Issue highlights—May 2014

Authors

  • F. Lanza

    Corresponding author
    1. Cremona, Italy
    • Correspondence to: F. Lanza, Hematology and Flow Cytometry Unit, University Hospital, Cremona, Italy. E-mail: f.lanza@ospedale.cremona.it

    Search for more papers by this author

The review article by Mauland et al. provided evidence that the DNA content assessment may be of clinical value in endometrial cancer (EC) [1]. As many of us may recall, DNA ploidy in EC was introduced as a prognostic marker 30 years ago [2]. Despite the accumulating evidence that tumor aneuploidy is associated with poorer clinical outcome, this parameter was not incorporated into daily clinical practice for a number of reasons, mainly due to the lack of a routine diagnostic test validating its clinical applicability in EC. Looking at literature data in this field, the majority of the studies demonstrated highly significant correlation between DNA aneuploidy and survival in both univariate and multivariate analysis.
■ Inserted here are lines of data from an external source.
Lemma dot_modalP_row_dual i : (i < d)%nat -> dot (d + d) (modalP_row i) (modalP_dual i) = 1.
Proof.
  intros Hi. rewrite dot_split_p by (intros; unfold modalP_row; now rewrite ltb_lt_d).
  pose proof (Ut_Linv_LU i i Hi Hi) as E. unfold idm in E. rewrite Nat.eqb_refl in E.
  rewrite <- E. apply sum_to_ext. intros k Hk. unfold modalP_row, modalP_dual.
  now rewrite ltb_add_d, add_d_sub_d.
Qed.

Lemma dot_modalQ_row_modalP_dual i : dot (d + d) (modalQ_row i) (modalP_dual i) = 0.
Proof.
  rewrite dot_split_q by (intros; unfold modalQ_row; now rewrite ltb_add_d).
  apply sum_to_eq_0. intros k Hk. unfold modalP_dual. rewrite ltb_lt_d by auto. ring.
Qed.

Definition modal_quadratic (a b c : vec) (z : state) : R :=
  sum_to d (fun i => a i * modalQ d L U om (fst z) i ^ 2 + b i * modalP d Linv U (snd z) i ^ 2
                     + c i * modalQ d L U om (fst z) i * modalP d Linv U (snd z) i).

Definition modal_matrix (a b c : vec) : mat := fun k l =>
  sum_to d (fun i => a i * modalQ_row i k * modalQ_row i l) +
  (sum_to d (fun i => b i * modalP_row i k * modalP_row i l) +
   sum_to d (fun i => c i * modalQ_row i k * modalP_row i l)).

Lemma quad_modal_matrix a b c z :
  quad (d + d) (modal_matrix a b c) (phase_vec d z) = modal_quadratic a b c z.
Proof.
  unfold modal_matrix. rewrite !quad_plus, !quad_outer, <- !sum_to_plus.
  apply sum_to_ext. intros i _. rewrite !dot_scal_l, dot_modalQ_row, dot_modalP_row. ring.
Qed.

Lemma frob_modal_matrix Sg a b c : symmetric (d + d) Sg ->
  is_half_inverse (d + d) (ham_matrix d K Minv) Sg ->
  frob (d + d) (modal_matrix a b c) Sg = sum_to d (fun i => a i + b i).
Proof.
  destruct HK as [HKs _].
  intros HSg Hhalf. pose proof (ham_matrix_sym d K Minv HKs Minv_sym) as Hsym.
  unfold modal_matrix. rewrite !frob_plus, !frob_outer, <- !sum_to_plus.
  apply sum_to_ext. intros i Hi. rewrite !bilin_scal_l.
  rewrite (bilin_half_inverse _ _ _ _ _ (modalQ_dual i) Hsym HSg Hhalf)
    by (intros; now apply modalQ_row_ham_matrix).
  rewrite !(bilin_half_inverse _ _ _ _ _ (modalP_dual i) Hsym HSg Hhalf)
    by (intros; now apply modalP_row_ham_matrix).
  rewrite dot_modalQ_row_dual, dot_modalP_row_dual, dot_modalQ_row_modalP_dual by auto. ring.
Qed.

Lemma gauss_expect_modal_quadratic a b c :
  gauss_expect d (hamiltonian d Minv K) (modal_quadratic a b c) (sum_to d (fun i => a i + b i)).
Proof.
  destruct HK as [HKs HKpos].
  destruct (gaussian_moments_exist (d + d) (ham_matrix d K Minv)
              (ham_matrix_sym d K Minv HKs Minv_sym) (ham_matrix_pos_def d K Minv HKpos Minv_pos_def))
    as [Z [Sg HZ]].
  pose proof HZ as [_ [HSg [Hhalf _]]].
  rewrite <- (frob_modal_matrix Sg a b c HSg Hhalf).
  apply (gauss_expect_ext _ _ (fun z => quad (d + d) (modal_matrix a b c) (phase_vec d z))).
  - intros z. apply quad_modal_matrix.
  - now apply (gauss_expect_quad d K Minv Z Sg).
Qed.

End Modal.

(** * Energy error of one oscillator *)

Definition gainQ (t x : R) : R := (cos t ^ 2 + (sin t / x) ^ 2 - 1) / 2.
Definition gainP (t x : R) : R := ((x * sin t) ^ 2 + cos t ^ 2 - 1) / 2.
Definition gainQP (t x : R) : R := cos t * x * sin t - sin t * cos t / x.

Lemma rotation_energy_change t x Q P : x <> 0 ->
  / 2 * ((cos t * Q + x * sin t * P) ^ 2 + (- / x * sin t * Q + cos t * P) ^ 2)
  - / 2 * (Q ^ 2 + P ^ 2)
  = gainQ t x * Q ^ 2 + gainP t x * P ^ 2 + gainQP t x * Q * P.
Proof. intros Hx. unfold gainQ, gainP, gainQP. field. exact Hx. Qed.

Lemma gainQ_plus_gainP t x : x <> 0 ->
  gainQ t x + gainP t x = sin t ^ 2 * (/ 2 * (x - / x) ^ 2).
Proof.
  intros Hx. unfold gainQ, gainP.
  replace (cos t ^ 2) with (1 - sin t ^ 2) by (pose proof (sin2_cos2 t); unfold Rsqr in *; nra).
  field. exact Hx.
Qed.

Lemma sin_sqr_mul_bounds t r : 0 <= r -> 0 <= sin t ^ 2 * r <= r.
Proof.
  intros Hr. pose proof (sin2_cos2 t). unfold Rsqr in *.
  pose proof (pow2_ge_0 (sin t)). pose proof (pow2_ge_0 (cos t)). simpl in *. nra.
Qed.

Lemma rho_nonneg chi k : 0 <= rho chi k.
Proof. unfold rho. apply Rmult_le_pos; [lra | apply pow2_ge_0]. Qed.

(** * Iterating the integrator *)

Section Iteration.

Variables (d : nat) (L Linv U : mat) (om : vec) (theta chi : R -> R) (h : R) (psi : state -> state).
Hypothesis Hchi : forall i, (i < d)%nat -> chi (om i * h) <> 0.
Hypothesis Hpsi : forall z : state, forall i, (i < d)%nat ->
  modalQ d L U om (fst (psi z)) i =
    Mtilde_Q theta chi (om i * h) (modalQ d L U om (fst z) i) (modalP d Linv U (snd z) i) /\
  modalP d Linv U (snd (psi z)) i =
    Mtilde_P theta chi (om i * h) (modalQ d L U om (fst z) i) (modalP d Linv U (snd z) i).
Lemma schur_step_PSD n A m : PSD n A -> (m < n)%nat -> 0 < Re (A m m) ->
  PSD n (schur_step A m (Re (A m m))).
Proof.
  intros HA Hm Ha. pose proof (PSD_diag_real n A m HA Hm) as Amm.
  destruct HA as [HH HQ]. set (a := Re (A m m)) in *. split.
  - intros i j Hi Hj. unfold schur_step. rewrite (HH i j Hi Hj). Cring.
  - intros v.
    set (beta := csum n (fun j => Cmul (A m j) (v j))).
    set (s := Cmul (RtoC (- / a)) beta).
    pose proof (HQ (vadd v (basis_vec m s))) as H.
    fold (sesq n A (vadd v (basis_vec m s)) (vadd v (basis_vec m s))) in H.
    rewrite sesq_add_l, !sesq_add_r, !sesq_basis, sesq_basis_l, sesq_basis_r in H by auto.
    fold beta in H.
    assert (Hg : csum n (fun i => Cmul (Cconj (v i)) (A i m)) = Cconj beta).
    { unfold beta. rewrite csum_conj. apply csum_ext; intros. rewrite (HH i m) by auto. Cring. }
    rewrite Hg in H.
    assert (Hb : sesq n (schur_step A m a) v v =
                 Cadd (sesq n A v v) (Cmul (RtoC (- / a)) (Cmul (Cconj beta) beta))).
    { rewrite <- Hg. unfold beta. rewrite csum_prod, csum_mul_l.
      unfold sesq. rewrite <- csum_add. apply csum_ext; intros i Hi.
      rewrite csum_mul_l, <- csum_add. apply csum_ext; intros j Hj.
      unfold schur_step. rewrite (HH m j) by auto. Cring. }
    fold (sesq n (schur_step A m a) v v). rewrite Hb.
    rewrite Amm in H. unfold s in H. clear Hb Hg.
    destruct (sesq n A v v) as [x y]. destruct beta as [br bi]. Csimpl.
    assert (0 < a) by exact Ha.
    match goal with |- 0 <= ?g => match type of H with 0 <= ?h =>
      replace g with h by (field; lra) end end.
    exact H.
Qed.

Lemma mtrace_mmul_rank1_split n A A' B c w :
  (forall i j, (i < n)%nat -> (j < n)%nat ->
     A i j = Cadd (A' i j) (Cmul c (Cmul (w i) (Cconj (w j))))) ->
  mtrace n (mmul n A B) = Cadd (mtrace n (mmul n A' B)) (Cmul c (sesq n B w w)).
Proof.
  intros H. unfold mtrace, mmul, sesq.
  rewrite (csum_swap n n (fun i j => Cmul (Cmul (Cconj (w i)) (B i j)) (w j))).
  rewrite csum_mul_l, <- csum_add. apply csum_ext; intros i Hi.
  rewrite csum_mul_l, <- csum_add. apply csum_ext; intros j Hj.
  rewrite H by auto. Cring.
Qed.

(* Induction on the number [m] of leading zero rows and columns of [A]: one Schur
   complement step (or nothing, if the next diagonal entry vanishes) zeroes row [m],
   and the rank-one part it removes contributes [sesq B w w / A m m >= 0]. *)
Lemma mtrace_mmul_PSD_aux n B : PSD n B -> forall d m A, (m + d = n)%nat -> PSD n A ->
  (forall i j, (i < n)%nat -> (j < n)%nat -> (i < m \/ j < m)%nat -> A i j = C0) ->
  0 <= Re (mtrace n (mmul n A B)).
Proof.
  intros HB d. induction d; intros m A Hmd HA H0.
  - unfold mtrace, mmul. rewrite csum_zero; [simpl; lra|].
    intros. apply csum_zero. intros. rewrite H0 by lia. Cring.
  - assert (Hm : (m < n)%nat) by lia.
    pose proof (PSD_diag_real n A m HA Hm) as Amm.
    destruct (PSD_diag n A m HA Hm) as [Hre _].
    destruct (Rle_lt_or_eq_dec _ _ Hre) as [Hpos | Hz].
    + set (a := Re (A m m)) in *.
      rewrite (mtrace_mmul_rank1_split n A (schur_step A m a) B (RtoC (/ a)) (fun i => A i m))
        by (intros; unfold schur_step; Cring).
      assert (0 <= Re (sesq n B (fun i => A i m) (fun i => A i m))) by (apply PSD_sesq; auto).
      assert (0 <= Re (mtrace n (mmul n (schur_step A m a) B))).
      { apply (IHd (S m)); [lia | apply schur_step_PSD; auto |].
        intros i j Hi Hj Hij. destruct HA as [HH _]. unfold schur_step.
        destruct (Nat.eq_dec i m); destruct (Nat.eq_dec j m); subst.
        - rewrite Amm. apply C_ext; Csimpl; field; lra.
        - rewrite (HH m j), Amm by auto. apply C_ext; Csimpl; field; lra.
        - rewrite (HH i m), Amm by auto. apply C_ext; Csimpl; field; lra.
        - destruct Hij as [Hij|Hij];
            [rewrite (H0 i j), (H0 i m) by (auto; lia) | rewrite (H0 i j), (H0 j m) by (auto; lia)];
            Cring. }
      Csimpl. assert (0 <= / a) by (apply Rlt_le, Rinv_0_lt_compat; auto). nra.
    + assert (A m m = C0) by (rewrite Amm, <- Hz; reflexivity).
      apply (IHd (S m)); [lia | exact HA |].
      intros i j Hi Hj Hij.
      destruct (Nat.eq_dec i m) as [->|]; [apply (PSD_diag0_row n); auto|].
      destruct (Nat.eq_dec j m) as [->|].
      * destruct HA as [HH HQ]. rewrite HH by auto.
        rewrite (PSD_diag0_row n A m) by (auto; split; auto). Cring.
      * apply H0; auto; lia.
Qed.

Lemma mtrace_mmul_PSD n A B : PSD n A -> PSD n B -> 0 <= Re (mtrace n (mmul n A B)).
Proof. intros. apply (mtrace_mmul_PSD_aux n B H0 n 0 A); auto. intros; lia. Qed.

Lemma rank1_PSD n c u : 0 <= c ->
  PSD n (fun r s => Cmul (RtoC c) (Cmul (u r) (Cconj (u s)))).
Proof.
  intros Hc. split.
  - intros i j _ _. Cring.
  - intros v. fold (sesq n (fun r s => Cmul (RtoC c) (Cmul (u r) (Cconj (u s)))) v v).
    set (z := csum n (fun i => Cmul (Cconj (v i)) (u i))).
    assert (E : sesq n (fun r s => Cmul (RtoC c) (Cmul (u r) (Cconj (u s)))) v v =
                Cmul (RtoC c) (Cmul z (Cconj z))).
    { unfold z. rewrite csum_conj, csum_prod, csum_mul_l. unfold sesq. apply csum_ext; intros.
      rewrite csum_mul_l. apply csum_ext; intros. Cring. }
    rewrite E. destruct z as [x y]. Csimpl. nra.
Qed.
(** * Completely positive maps in Kraus form *)

Lemma tens_id_block din k T X i j a b : (a < k)%nat -> (b < k)%nat ->
  tens_id din k T X (i * k + a)%nat (j * k + b)%nat =
  apply din T (fun i' j' => X (i' * k + a)%nat (j' * k + b)%nat) i j.
Proof. intros. unfold tens_id. rewrite !div_block, !mod_block by auto. reflexivity. Qed.

Lemma sesq_block d k A v w :
  sesq (d * k) A v w = csum k (fun a => csum k (fun b =>
    sesq d (fun i j => A (i * k + a)%nat (j * k + b)%nat)
      (fun i => v (i * k + a)%nat) (fun j => w (j * k + b)%nat))).
Proof.
  unfold sesq. rewrite csum_block.
  transitivity (csum d (fun i => csum k (fun a => csum d (fun j => csum k (fun b =>
     Cmul (Cmul (Cconj (v (i * k + a)%nat)) (A (i * k + a)%nat (j * k + b)%nat))
          (w (j * k + b)%nat)))))).
  { apply csum_ext; intros. apply csum_ext; intros. apply csum_block. }
  rewrite csum_swap. apply csum_ext; intros a Ha.
  transitivity (csum d (fun i => csum k (fun b => csum d (fun j =>
     Cmul (Cmul (Cconj (v (i * k + a)%nat)) (A (i * k + a)%nat (j * k + b)%nat))
          (w (j * k + b)%nat))))).
  { apply csum_ext; intros. apply csum_swap. }
  apply csum_swap.
Qed.

Lemma sesq_csum n r F v w :
  sesq n (fun i j => csum r (fun t => F t i j)) v w = csum r (fun t => sesq n (F t) v w).
Proof.
  unfold sesq. symmetry. rewrite csum_swap. apply csum_ext; intros.
  rewrite csum_swap. apply csum_ext; intros.
  rewrite csum_mul_l, csum_mul_r. apply csum_ext; intros. Cring.
Qed.

Definition adj_apply (n : nat) (K : Mat) (v : nat -> C) : nat -> C :=
  fun k => csum n (fun j => Cmul (Cconj (K j k)) (v j)).

Lemma sesq_conjugate n m K X v w :
  sesq n (fun i j => csum m (fun k => csum m (fun l =>
        Cmul (Cmul (K i k) (X k l)) (Cconj (K j l))))) v w =
  sesq m X (adj_apply n K v) (adj_apply n K w).
Proof.
  unfold sesq, adj_apply. symmetry.
  transitivity (csum m (fun k => csum m (fun l => csum n (fun i => csum n (fun j =>
     Cmul (Cmul (Cconj (v i)) (Cmul (Cmul (K i k) (X k l)) (Cconj (K j l)))) (w j)))))).
  { apply csum_ext; intros k Hk. apply csum_ext; intros l Hl.
    rewrite csum_conj, csum_mul_r, csum_mul_r. apply csum_ext; intros i Hi.
    rewrite csum_mul_l. apply csum_ext; intros j Hj. Cring. }
  rewrite csum_swap.
  transitivity (csum m (fun l => csum n (fun i => csum m (fun k => csum n (fun j =>
     Cmul (Cmul (Cconj (v i)) (Cmul (Cmul (K i k) (X k l)) (Cconj (K j l)))) (w j)))))).
  { apply csum_ext; intros. apply csum_swap. }
  rewrite csum_swap. apply csum_ext; intros i Hi.
  transitivity (csum m (fun l => csum n (fun j => csum m (fun k =>
     Cmul (Cmul (Cconj (v i)) (Cmul (Cmul (K i k) (X k l)) (Cconj (K j l)))) (w j))))).
  { apply csum_ext; intros. apply csum_swap. }
  rewrite csum_swap. apply csum_ext; intros j Hj.
  symmetry. rewrite csum_mul_l, csum_mul_r, csum_swap. apply csum_ext; intros k Hk.
  rewrite csum_mul_l, csum_mul_r. apply csum_ext; intros l Hl. Cring.
Qed.

Definition kraus_form (din dout : nat) (T : LMap) (r : nat) (K : nat -> Mat) : Prop :=
  forall i j k l, (i < dout)%nat -> (j < dout)%nat -> (k < din)%nat -> (l < din)%nat ->
    T i j k l = csum r (fun t => Cmul (K t i k) (Cconj (K t j l))).

Section Kraus.
Variables (din dout r : nat) (T : LMap) (K : nat -> Mat).
Hypothesis HK : kraus_form din dout T r K.

Lemma kraus_tens_hermitian kk X : Hermitian (din * kk) X ->
  Hermitian (dout * kk) (tens_id din kk T X).
Proof.
  intros HX p q Hp Hq. unfold tens_id, apply.
  pose proof (div_lt_block _ _ _ Hp). pose proof (div_lt_block _ _ _ Hq).
  pose proof (mod_lt_block _ _ _ Hp). pose proof (mod_lt_block _ _ _ Hq).
  rewrite csum_conj, csum_swap. apply csum_ext; intros k Hk.
  rewrite csum_conj. apply csum_ext; intros l Hl.
  rewrite (HK (p / kk)%nat), (HK (q / kk)%nat) by auto.
  rewrite (HX (l * kk + p mod kk)%nat) by (apply block_lt; auto).
  replace (csum r (fun t => Cmul (K t (p / kk)%nat l) (Cconj (K t (q / kk)%nat k))))
    with (Cconj (csum r (fun t => Cmul (K t (q / kk)%nat k) (Cconj (K t (p / kk)%nat l)))))
    by (rewrite csum_conj; apply csum_ext; intros; Cring).
  Cring.
Qed.

Lemma kraus_tens_sesq kk X v :
  sesq (dout * kk) (tens_id din kk T X) v v =
  csum r (fun t => sesq (din * kk) X
    (fun s => csum dout (fun j => Cmul (Cconj (K t j (s / kk)%nat)) (v (j * kk + s mod kk)%nat)))
    (fun s => csum dout (fun j => Cmul (Cconj (K t j (s / kk)%nat)) (v (j * kk + s mod kk)%nat)))).
Proof.
  rewrite sesq_block.
  transitivity (csum kk (fun a => csum kk (fun b => csum r (fun t =>
    sesq din (fun i j => X (i * kk + a)%nat (j * kk + b)%nat)
      (adj_apply dout (K t) (fun i => v (i * kk + a)%nat))
      (adj_apply dout (K t) (fun j => v (j * kk + b)%nat)))))).
  { apply csum_ext; intros a Ha. apply csum_ext; intros b Hb.
    transitivity (sesq dout (fun i j => csum r (fun t => csum din (fun k => csum din (fun l =>
          Cmul (Cmul (K t i k) (X (k * kk + a)%nat (l * kk + b)%nat)) (Cconj (K t j l))))))
        (fun i => v (i * kk + a)%nat) (fun j => v (j * kk + b)%nat)).
    - apply sesq_ext; try (intros; reflexivity).
      intros i j Hi Hj. rewrite tens_id_block by auto. unfold apply.
      symmetry. rewrite csum_swap. apply csum_ext; intros k Hk. rewrite csum_swap.
      apply csum_ext; intros l Hl. rewrite HK by auto. rewrite csum_mul_r.
      apply csum_ext; intros. Cring.
    - rewrite sesq_csum. apply csum_ext; intros t Ht. apply sesq_conjugate. }
  etransitivity. { apply csum_ext; intros a Ha. apply csum_swap. }
  rewrite csum_swap. apply csum_ext; intros t Ht.
  rewrite sesq_block. apply csum_ext; intros a Ha. apply csum_ext; intros b Hb.
  apply sesq_ext; [intros; reflexivity | |];
    intros k Hk; unfold adj_apply; rewrite div_block, mod_block by auto; reflexivity.
Qed.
Unfortunately, few studies have focused on DNA ploidy as a prognostic marker in a prospective setting. In conclusion, based on the reviewed literature, authors concluded that DNA ploidy analysis in hysterectomy specimen is superior to analysis in curettage material and may predict lymph node metastasis. However, the clinical significance of tumor aneuploidy in this setting may be hampered by the methodology used (flow cytometry, image cytometry, and laser scanning cytometry), thus limiting the clinical applicability of this analysis.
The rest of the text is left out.